Riunirsi per condividere un nuovo inizio, in un periodo dove sembra che tutto debba finire, ha un valore unico. Lo sa bene Giorgia, chef e proprietaria di Scirocco Bistrot che, dopo un breve periodo di pausa, cadenzato da una vacanza alla scoperta dei sapori della Sicilia con il suo braccio destro Simona, è tornata nella sua Gaeta più carica e motivata che mai per presentare le sue nuove creazioni. Ho avuto l’onore di assaggiarle in anteprima per voi durante la presentazione del nuovo menù invernale e, naturalmente, non posso non condividere l’esperienza sensoriale a cui ho preso parte. Quindi, alziamo il sipario, si va in scena!
Gli antipasti di Scirocco Bistrot
Si inizia con i panificati home made di Giorgia, da sempre protagonisti della tavola di Scirocco. Per iniziare a ingolosire il palato ci sono state offerte le immancabili pite, ricordo della sua esperienza nel ristorante ebraico a Londra, la soffice focaccia e un panino con carote e avena, una vera chicca! Accanto, una salsa piccante irresistibile.

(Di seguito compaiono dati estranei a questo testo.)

(* Spanning: modulo I the y's commute, a z moves past a y at the cost of a sign,
   and z_i z_j z_k = z_k z_j z_i permutes independently the letters in even and
   in odd position of a word in the z's; so every monomial is congruent to a
   multiple of an element of B.
   Independence: the generators of I vanish when y_i is evaluated at traceless
   diagonal and z_i at anti-diagonal 2x2 matrices, and the polynomials vanishing
   under all such evaluations form an ideal of weak graded identities (even Lie
   elements evaluate to traceless diagonal matrices). For the generic evaluation
   over a polynomial ring, the first row of the image of an element of B has a
   single nonzero entry, a monomial recording its y's and its even- and
   odd-position z's; these data determine the element of B. *)

From mathcomp Require Import all_boot all_order all_algebra.
From mathcomp Require Import zify ring mpoly.
From Stdlib Require Import FunctionalExtensionality.
Set Implicit Arguments. Unset Strict Implicit. Unset Printing Implicit Defensive.
Import GRing.Theory.

Lemma perm_eq_rel_closure (T : eqType) (P : seq T -> seq T -> Prop) :
  (forall s, P s s) -> (forall s t u, P s t -> P t u -> P s u) ->
  (forall x s t, P s t -> P (x :: s) (x :: t)) ->
  (forall x y s, P [:: x, y & s] [:: y, x & s]) ->
  forall s t, perm_eq s t -> P s t.
Proof.
move=> Prefl Ptrans Pcons Pswap; elim=> [|x s IH] t.
  by move=> /perm_size /esym /size0nil ->.
move=> pxs_t; have xt : x \in t by rewrite -(perm_mem pxs_t) mem_head.
case/splitPr: xt pxs_t => t1 t2 pxs_t.
have ps : perm_eq s (t1 ++ t2).
  by rewrite -(perm_cons x); apply: perm_trans pxs_t _; rewrite -cat1s perm_catCA.
apply: (Ptrans _ _ _ (Pcons x _ _ (IH _ ps))).
elim: t1 {pxs_t ps} => [|y t1 IHt] /=; first exact: Prefl.
exact: Ptrans (Pswap x y _) (Pcons y _ _ IHt).
Qed.

Fixpoint interleave (e o : seq nat) : seq nat :=
  if e is x :: e' then x :: (if o is y :: o' then y :: interleave e' o' else e') else o.

Lemma interleave_cons x e o : interleave (x :: e) o = x :: interleave o e.
Proof. by elim: e x o => [|x' e IH] x [|y o] //=; rewrite -IH. Qed.

Lemma evposC x s : evpos (x :: s) = x :: odpos s.
Proof.
rewrite /evpos /odpos /mkseq /= (iotaDl 1 0) -map_comp.
by congr (_ :: mask _ _); apply: eq_map => i /=; rewrite negbK.
Qed.

Lemma odposC x s : odpos (x :: s) = evpos s.
Proof.
rewrite /evpos /odpos /mkseq /= (iotaDl 1 0) -map_comp.
by congr (mask _ _); apply: eq_map => i.
Qed.

Arguments evpos : simpl never.
Arguments odpos : simpl never.

Lemma interleave_evpos_odpos s : interleave (evpos s) (odpos s) = s.
Proof. by elim: s => [|x s IH] //; rewrite evposC odposC interleave_cons IH. Qed.

Lemma size_evpos_odpos s : size (odpos s) <= size (evpos s) <= (size (odpos s)).+1.
Proof. by elim: s => [|x s IH] //; rewrite evposC odposC /=; lia. Qed.

Lemma evpos_odpos_interleave e o : size o <= size e <= (size o).+1 ->
  evpos (interleave e o) = e /\ odpos (interleave e o) = o.
Proof.
elim: e o => [|x e IH] [|y o] //= sz.
  by have /size0nil -> : size e = 0%N by lia.
by rewrite !(evposC, odposC); have [-> ->] := IH o sz.
Qed.

Local Open Scope ring_scope.

Section IdealI.
Variable D : comNzRingType.
Implicit Types (p q : fpoly D) (u v w : word) (c : D).

Lemma fpoly_coef_nil w : coef ([::] : fpoly D) w = 0.
Proof. by rewrite /coef big_nil. Qed.

Lemma fpoly_coef_cons t p w : coef (t :: p) w = (if t.2 == w then t.1 else 0) + coef p w.
Proof. by rewrite /coef big_cons; case: ifP; rewrite ?add0r. Qed.

Lemma fpoly_coef_cat p q w : coef (p ++ q) w = coef p w + coef q w.
Proof. by rewrite /coef big_cat. Qed.

Lemma fpoly_coef_notin p w : w \notin map snd p -> coef p w = 0.
Proof.
elim: p => [|t p IH]; first by rewrite fpoly_coef_nil.
by rewrite /= inE negb_or fpoly_coef_cons eq_sym => /andP[/negbTE -> /IH ->]; rewrite addr0.
Qed.

Lemma fpoly_coef_uniq p t : uniq (map snd p) -> t \in p -> coef p t.2 = t.1.
Proof.
elim: p => [|s p IH] //= /andP[sp up]; rewrite inE fpoly_coef_cons => /orP[/eqP->|tp].
  by rewrite eqxx (fpoly_coef_notin sp) addr0.
rewrite IH //; case: eqP => [st|]; last by rewrite add0r.
by move: sp; rewrite st map_f.
Qed.

Lemma idealI_eq p q : coef p =1 coef q -> idealI (coef p) -> idealI (coef q).
Proof. by move=> /functional_extensionality ->. Qed.

Lemma idealI_nil : idealI (coef ([::] : fpoly D)).
Proof. by move=> J []. Qed.

Lemma idealI_cat p q : idealI (coef p) -> idealI (coef q) -> idealI (coef (p ++ q)).
Proof.
move=> Ip Iq J IJ g1 g2 g3; have [_ Jcat _ _] := IJ.
exact: Jcat (Ip J IJ g1 g2 g3) (Iq J IJ g1 g2 g3).
Qed.

Lemma idealI_mul a p b : idealI (coef p) -> idealI (coef (pmul (pmul a p) b)).
Proof.
move=> Ip J IJ g1 g2 g3; have [_ _ Jmul _] := IJ.
exact: Jmul (Ip J IJ g1 g2 g3).
Qed.

Lemma idealI_subst phi p :
  admissible phi -> idealI (coef p) -> idealI (coef (psubst phi p)).
Proof.
move=> Aphi Ip J IJ g1 g2 g3; have [_ _ _ Jsubst] := IJ.
exact: Jsubst Aphi (Ip J IJ g1 g2 g3).
Qed.

Definition eqmodI u c v := idealI (coef [:: (1, u); (- c, v)]).

Lemma eqmodI_refl u : eqmodI u 1 u.
Proof.
apply: idealI_eq idealI_nil => w; rewrite !fpoly_coef_cons fpoly_coef_nil /=.
by case: (u == w); rewrite ?addr0 ?subrr.
Qed.

Lemma eqmodI_trans u c v c' w : eqmodI u c v -> eqmodI v c' w -> eqmodI u (c * c') w.
Proof.
move=> Euv Evw; have := idealI_cat Euv (idealI_mul [:: (c, [::])] [:: (1, [::])] Evw).
apply: idealI_eq => w0; rewrite /= !fpoly_coef_cons fpoly_coef_nil /= !cats0.
by case: (u == w0); case: (v == w0); case: (w == w0); ring.
Qed.

Lemma eqmodI_trans1 u v w : eqmodI u 1 v -> eqmodI v 1 w -> eqmodI u 1 w.
Proof. by move=> Euv /(eqmodI_trans Euv); rewrite mulr1. Qed.

Lemma eqmodI_cat2 a b u c v : eqmodI u c v -> eqmodI (a ++ u ++ b) c (a ++ v ++ b).
Proof.
move=> /(idealI_mul [:: (1, a)] [:: (1, b)]).
by rewrite /pmul /= !catA !mulr1 !mul1r.
Qed.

Signore e signori, Monsieur le Baccalà!
Le papille bramose non hanno atteso molto per gustare il primo dei cinque antipasti: il baccalà in tempura con zucca mantovana, sormontato da riccioli di radicchio in agrodolce e striature di miele agrumato prodotto a Minturno. Uno scrigno di pastella impalpabile nasconde uno scioglievole cubo di baccalà che si fa conturbante grazie alle note dolci e acetiche che contrastano a perfezione e spingono sulla delicatezza del pesce. Tra i numerosi ristoranti a Gaeta di pesce, Scirocco rientra sicuramente tra quelli che lavorano le materie prime nel pieno rispetto della loro essenza.

Alice va in Turchia
Gli avventori di Scirocco Bistrot sanno quanto Giorgia ami sconvolgere con delicata audacia i prodotti del territorio utilizzando ingredienti provenienti da terre lontane. Beh, l’ha fatto di nuovo con i panzarotti di alici su crema di zucchine, besciamella al pecorino, pepe e urfa biber, un peperoncino affumicato proveniente dalla Turchia. Nel complesso, il piatto è davvero gradevole e stuzzicante, tanto che lo inserirei nella categoria comfort food, come le polpette di alici che vi fa la nonna ma con il fascino “esotico” del peperoncino turco e del limone in salamoia.

Il calamaretto conteso
Eh già, con il calamaretto su cavolo nero, feta e chorizo c’è in corso un contenzioso: Grecia o Spagna chi la spunterà? Devo dire che la feta ha la meglio con il suo gusto acidulo, ma solo perché in proporzione era di più del chorizo. Ad ogni modo, il sapore morbido del calamaro appena scottato va a nozze con la lieve ruvidezza del cavolo nero, un ortaggio che in questo contesto assume un’allure sofisticata.

La mazzancolla piccante
Questo antipasto, insieme a quello con il baccalà, è sicuramente tra quelli che ordinerò più spesso! La carnosità della mazzancolla alternata alla morbidezza del cavolo romano e alla croccantezza delle scaglie di mandorle tostate danno vita a un’esperienza straordinaria che si fa piccante con la salsa harissa e la composta di bergamotto che avvolgono il palato in una vivace danza di gusti, rimanendo indelebile in bocca. A preparare il palato al prossimo assaggio ci pensa un goccio di Chardonnay siciliano.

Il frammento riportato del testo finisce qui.